Bazı etnik gruplarda spesifik gen farklılaşmaları belirlenmiştir. Örneğin Aşkenazi Yahudi soyundan gelen bireyler arasında BRCA1 ve BRCA2 genlerindeki değişiklik oranı %2,3 olarak bulunmuştur, fakat bu oran genel toplumdakinden 5 kat daha fazladır. Keza bazı toplumlarda (Norveçli, Hollandalı ve İzlandalı) BRCA1 ve BRCA2 genlerinde bu toplumlara özgü spesifik mutasyonlar bulunmuştur. Etnik gruplar arsındaki farklılıklara ilişkin bu bilgiler toplum sağlığı açısından önemli olur, zira uygulanacak testler bakımından oldukça yararlı ipuçları verir.
4. Pozitif BRCA1 ve BRCA2 test sonucu ne anlama gelir?

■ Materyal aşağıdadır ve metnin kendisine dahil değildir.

Theorem mainTheorem5 (N : nat) (k Ecal : R) (v : nat -> C)
  (HN : Peano.le 1 N) (Hk : 0 < k) (HE : 0 < Ecal)
  (Hdist : forall i j, Peano.lt i N -> Peano.lt j N -> i <> j -> v i <> v j)
  (Hnz : forall i, Peano.lt i N -> v i <> RtoC 0)
  (Hbethe : bethe_eqs N k Ecal v) :
  let gam := Ecal / k in
  exists psi1 psi2 : R -> C,
    (forall x : R, is_derive (psi N gam v) x (psi1 x)) /\
    (forall x : R, is_derive psi1 x (psi2 x)) /\
    (forall x : R,
       Cplus (Copp (psi2 x)) (Cmult (RtoC (pot N gam x)) (psi N gam v x))
       = Cmult (Cdiv (Cmult (RtoC 2) (energy N k Ecal v)) (RtoC k)) (psi N gam v x)).
Proof.
move=> gam.
have k_neq0 : k <> 0 by lra.
have v_neq0 i : (i < N)%N -> v i != 0%R by move=> /ltP lt_i; apply/eqP/Hnz.
have W0 : schrodinger_poly N (RtoC gam) (\sum_(0 <= j < N) v j)%R (root_poly N v) = 0%R.
  apply: schrodinger_poly_bethe_eq0 v_neq0 (bethe_eqsE k_neq0 v_neq0 Hbethe).
    exact/leP.
  by move=> i j /ltP lt_i /ltP lt_j; exact: Hdist.
exists (dpsi N gam (root_poly N v)), (d2psi N gam (root_poly N v)).
split; [|split] => x.
- apply: (is_derive_ext (weighted (gauge N gam) (root_poly N v))) => [t|].
    by rewrite psiE.
  exact: is_derive_weighted_gauge.
- exact: is_derive_dpsi.
- rewrite psiE energy_scaled // !CE.
  by rewrite (schrodinger_residual _ _ (\sum_(0 <= j < N) v j)%R) W0 horner0 mulr0 addr0.
Qed.
Theorem lemma3 (L mu p alpha tau beta G0 : R)
  (hL : 0 < L) (hmu : 0 <= mu) (hLmu : mu <= L)
  (hp0 : 0 < p) (hp1 : p <= 1)
  (ha0 : 0 < alpha) (ha1 : alpha <= 1)
  (ht0 : 0 < tau) (ht1 : tau <= 1)
  (hb0 : 0 < beta) (hb1 : beta <= 1)
  (hG0 : 1 <= G0) :
  let tm := theta_min p alpha tau beta in
  let Gm := Gam L mu p alpha tau beta G0 in
  let th := theta_s L mu p alpha tau beta G0 in
  let ga := gamma_s L mu p alpha tau beta G0 in
  let tb := t_bar p alpha tau beta G0 in
  (* 1. well-definedness and nonnegativity *)
  (forall t : nat,
      quadr L mu p (Gm t) (theta_bar L mu p (Gm t)) = 0 /\
      (forall x, quadr L mu p (Gm t) x = 0 -> x <= theta_bar L mu p (Gm t)) /\
      1 - p * th t <> 0 /\
      0 <= th t /\ 0 <= ga t) /\
  (* 2. *)
  (forall t : nat, ga t = p * th t * Gm (S t)) /\
  (* 3. *)
  (forall t : nat, L * th t * ga t <= L + Gm t * mu) /\
  (* 4. *)
  (forall t : nat,
      Gm t >= G0 / 2 * exp (INR t * Rmin (sqrt (p * mu / (4 * L))) (p * tm))) /\
  (* 5. *)
  (forall t : nat,
      ((Z.of_nat t < tb)%Z -> Gm t >= G0 / 2 * exp (INR t * p * tm)) /\
      ((tb <= Z.of_nat t)%Z ->
         Gm t >= / (4 * p * tm ^ 2) + p * (INR t - IZR tb) ^ 2 / 16)) /\
  (* 6. *)
  (forall t : nat, th (S t) <= th t).
Proof.
  intros tm Gm th ga tb; subst tm Gm th ga tb.
  assert (hG0' : 0 < G0) by lra.
  pose proof (Gam_pos L mu p alpha tau beta G0 hL hmu hp0 hp1 ha0 ht0 hb0 hG0') as hGm.
  split; [|split; [|split; [|split; [|split]]]]; intros t.
  - repeat split.
    + apply quadr_theta_bar; auto.
    + apply root_le_theta_bar; auto.
    + enough (p * theta_s L mu p alpha tau beta G0 t <= / 4) by lra.
      apply p_theta_next_le_quarter; auto.
    + left; apply theta_next_pos; auto.
    + apply gamma_next_ge0; auto.
  - apply gamma_next_eq; auto.
  - apply L_theta_gamma_next_le; auto.
  - apply Rle_ge. eapply Rle_trans; [|apply Gam_exp_rate; auto].
    apply Rmult_le_compat_r; [left; apply exp_pos | lra].
  - split; intros htb; apply Rle_ge; [apply Gam_before_t_bar | apply Gam_after_t_bar]; auto.
  - apply theta_s_antitone; auto.
Qed.
(* Let $P,Q\in\mathbb P_d$ and let $R=\gamma^{\mathrm{BW}}_{PQ}(t)$ for some $t\in[0,1]$. Then $\operatorname{F}_R(P,Q)=\operatorname{F}^{\mathrm U}(P,Q)$.
   Context: $\mathbb P_d$ is the set of $d\times d$ complex positive definite matrices; $A\#B:=A^{1/2}(A^{-1/2}BA^{-1/2})^{1/2}A^{1/2}$ is the matrix geometric mean. The Bures–Wasserstein geodesic between $A,B\in\mathbb P_d$ is $\gamma^{\mathrm{BW}}_{AB}(t):=[(1-t)\mathbb I+t\,A^{-1}\#B]\,A\,[(1-t)\mathbb I+t\,A^{-1}\#B]$, $t\in[0,1]$. The generalized fidelity is $\operatorname{F}_R(P,Q):=\operatorname{Tr}\big[\sqrt{R^{1/2}PR^{1/2}}\,R^{-1}\sqrt{R^{1/2}QR^{1/2}}\big]$, and the Uhlmann fidelity is $\operatorname{F}^{\mathrm U}(P,Q):=\operatorname{Tr}\sqrt{P^{1/2}QP^{1/2}}$. *)

From HB Require Import structures.
From mathcomp Require Import all_boot all_order all_algebra.
From mathcomp Require Import complex.
From Stdlib Require Import ClassicalEpsilon.
Set Implicit Arguments. Unset Strict Implicit. Unset Printing Implicit Defensive.
Import Order.TTheory GRing.Theory Num.Theory.
Local Open Scope ring_scope.

Section Defs.
Variable R : rcfType.
Local Notation C := R[i].
Variable d : nat.

Definition adjmx (A : 'M[C]_d) : 'M[C]_d := (map_mx Num.conj A)^T.

Definition hermitian (A : 'M[C]_d) : Prop := adjmx A = A.

Definition psdmx (A : 'M[C]_d) : Prop :=
  hermitian A /\
  forall v : 'cV[C]_d, 0 <= ((map_mx Num.conj v)^T *m A *m v) ord0 ord0.

Definition pdmx (A : 'M[C]_d) : Prop :=
  hermitian A /\
  forall v : 'cV[C]_d, v != 0 -> 0 < ((map_mx Num.conj v)^T *m A *m v) ord0 ord0.

(* the (unique) positive semidefinite square root of A, when A is PSD;
   chosen by classical description (an arbitrary matrix otherwise). *)
Definition sqrtmx (A : 'M[C]_d) : 'M[C]_d :=
  epsilon (inhabits 0) (fun S => psdmx S /\ S *m S = A).

Definition isqrtmx (A : 'M[C]_d) : 'M[C]_d := invmx (sqrtmx A).

Definition gmean (A B : 'M[C]_d) : 'M[C]_d :=
  sqrtmx A *m sqrtmx (isqrtmx A *m B *m isqrtmx A) *m sqrtmx A.

Definition bw_geodesic (A B : 'M[C]_d) (t : R) : 'M[C]_d :=
  let M := (1 - (t%:C)%C) *: 1%:M + (t%:C)%C *: gmean (invmx A) B in
  M *m A *m M.

Definition gen_fidelity (Rm P Q : 'M[C]_d) : C :=
  \tr (sqrtmx (sqrtmx Rm *m P *m sqrtmx Rm) *m invmx Rm
       *m sqrtmx (sqrtmx Rm *m Q *m sqrtmx Rm)).

Definition uhlmann_fidelity (P Q : 'M[C]_d) : C :=
  \tr (sqrtmx (sqrtmx P *m Q *m sqrtmx P)).

End Defs.

(* Let G := P^{-1} # Q, the unique positive definite solution of the Riccati
   equation G P G = Q, and M := (1 - t) I + t G, so that the geodesic point is
   R = M P M.  Whenever S is positive semidefinite and S R S = X, the square
   root of R^{1/2} X R^{1/2} is R^{1/2} S R^{1/2}.  Applying this to
   P = M^{-1} R M^{-1} and Q = (G M^{-1}) R (G M^{-1}) (G and M commute) turns
   F_R(P, Q) into Tr(M^{-1} G M^{-1} R) = Tr(G P); applying it to
   Q = G P G turns F^U(P, Q) into Tr(G P) as well. *)
From mathcomp Require Import all_boot all_order all_algebra complex spectral.
From Stdlib Require Import ClassicalEpsilon.
Set Implicit Arguments. Unset Strict Implicit. Unset Printing Implicit Defensive.
Import Order.TTheory GRing.Theory Num.Theory.
Local Open Scope ring_scope.

Section PositiveMatrices.
Variable R : rcfType.
Local Notation C := R[i].

(* [adjmx] for rectangular matrices, so that it applies to vectors *)
Definition adj m n (A : 'M[C]_(m, n)) : 'M[C]_(n, m) := (map_mx Num.conj A)^T.

Lemma adj_mul m n p (A : 'M[C]_(m, n)) (B : 'M[C]_(n, p)) :
  adj (A *m B) = adj B *m adj A.
Proof. by rewrite /adj map_mxM trmx_mul. Qed.

Lemma adjK m n (A : 'M[C]_(m, n)) : adj (adj A) = A.
Proof. by apply/matrixP=> i j; rewrite !mxE conjCK. Qed.

Lemma adjD m n (A B : 'M[C]_(m, n)) : adj (A + B) = adj A + adj B.
Proof. by apply/matrixP=> i j; rewrite !mxE rmorphD. Qed.

Lemma adjN m n (A : 'M[C]_(m, n)) : adj (- A) = - adj A.
Proof. by apply/matrixP=> i j; rewrite !mxE rmorphN. Qed.

Lemma adjZ m n c (A : 'M[C]_(m, n)) : adj (c *: A) = c^* *: adj A.
Proof. by apply/matrixP=> i j; rewrite !mxE rmorphM. Qed.

Lemma adj1 n : adj (1%:M : 'M[C]_n) = 1%:M.
Proof. by apply/matrixP=> i j; rewrite !mxE rmorphMn rmorph1 eq_sym. Qed.

Lemma adj_delta n (i : 'I_n) : adj (delta_mx i 0 : 'cV[C]_n) = delta_mx 0 i.
Proof.
by apply/matrixP=> a b; rewrite !mxE; case: (a == 0); case: (b == i);
  rewrite /= ?rmorph1 ?rmorph0.
Qed.

Lemma adj_invmx n (A : 'M[C]_n) : adj (invmx A) = invmx (adj A).
Proof. by rewrite /adj (map_invmx Num.conj) trmx_inv. Qed.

Meme ve/veya ovaryum kanseri hikayesi bulunan bir ailede, hastalığı taşıyan ilk kişiye ilişkin yapılan genetik testler çok önemli olabilir. Eğer bu ilk kişinin mutant BRCA1 ya da BRCA2 genini taşıdığı bulunursa, bu spesifik gen değişmesine “bilinen mutasyon” denir. Bu aşamadan sonra, diğer aile bireyleri de aynı spesifik değişikliği taşıyıp taşımadıkları açısından kolayca test edilebilir. Bu incelemedeki pozitif test sonucu, testi yapılan kişinin BRCA1 ya da BRCA2 genindeki “bilinen mutasyon”u taşıdığı ve belirli bazı kanserleri geliştirmesi riskinin arttığını gösterir. Fakat burada dikkat edilmesi gereken husus; pozitif test sonucu kişinin risk altında olduğunu, fakat kanserin ortaya çıkıp çıkmayacağı ya da ne zaman ortaya çıkacağı konusunda bilgi vermez. Böyle bir testin sonucu pozitif çıkan bir kişi için, başka özel testlerin ya da hastalığı önleyici tıbbi önlemlerin alınması bakımından önemli bir bulgu ortaya koyar. Pozitif test sonucu keza aile üyelerinin ve sonraki kuşakların sağlık ve sosyal ilişkileri açısından da önemlidir. Diğer pek çok tıbbi testin aksine, genetik testler yalnızca testi yapılan kişiye ilişkin değil, diğer akrabalarla ilişkili bilgiler de verebilir. Mutant bir BRCA1 ve/veya BRCA2 geni taşıyan hem erkek hem de kadınlar, kendileri bizatihi kansere yakalanmış ya da yakalanmamış olsunlar, bu değişikliği kendi kız ya da erkek çocuklarına aktarabilirler.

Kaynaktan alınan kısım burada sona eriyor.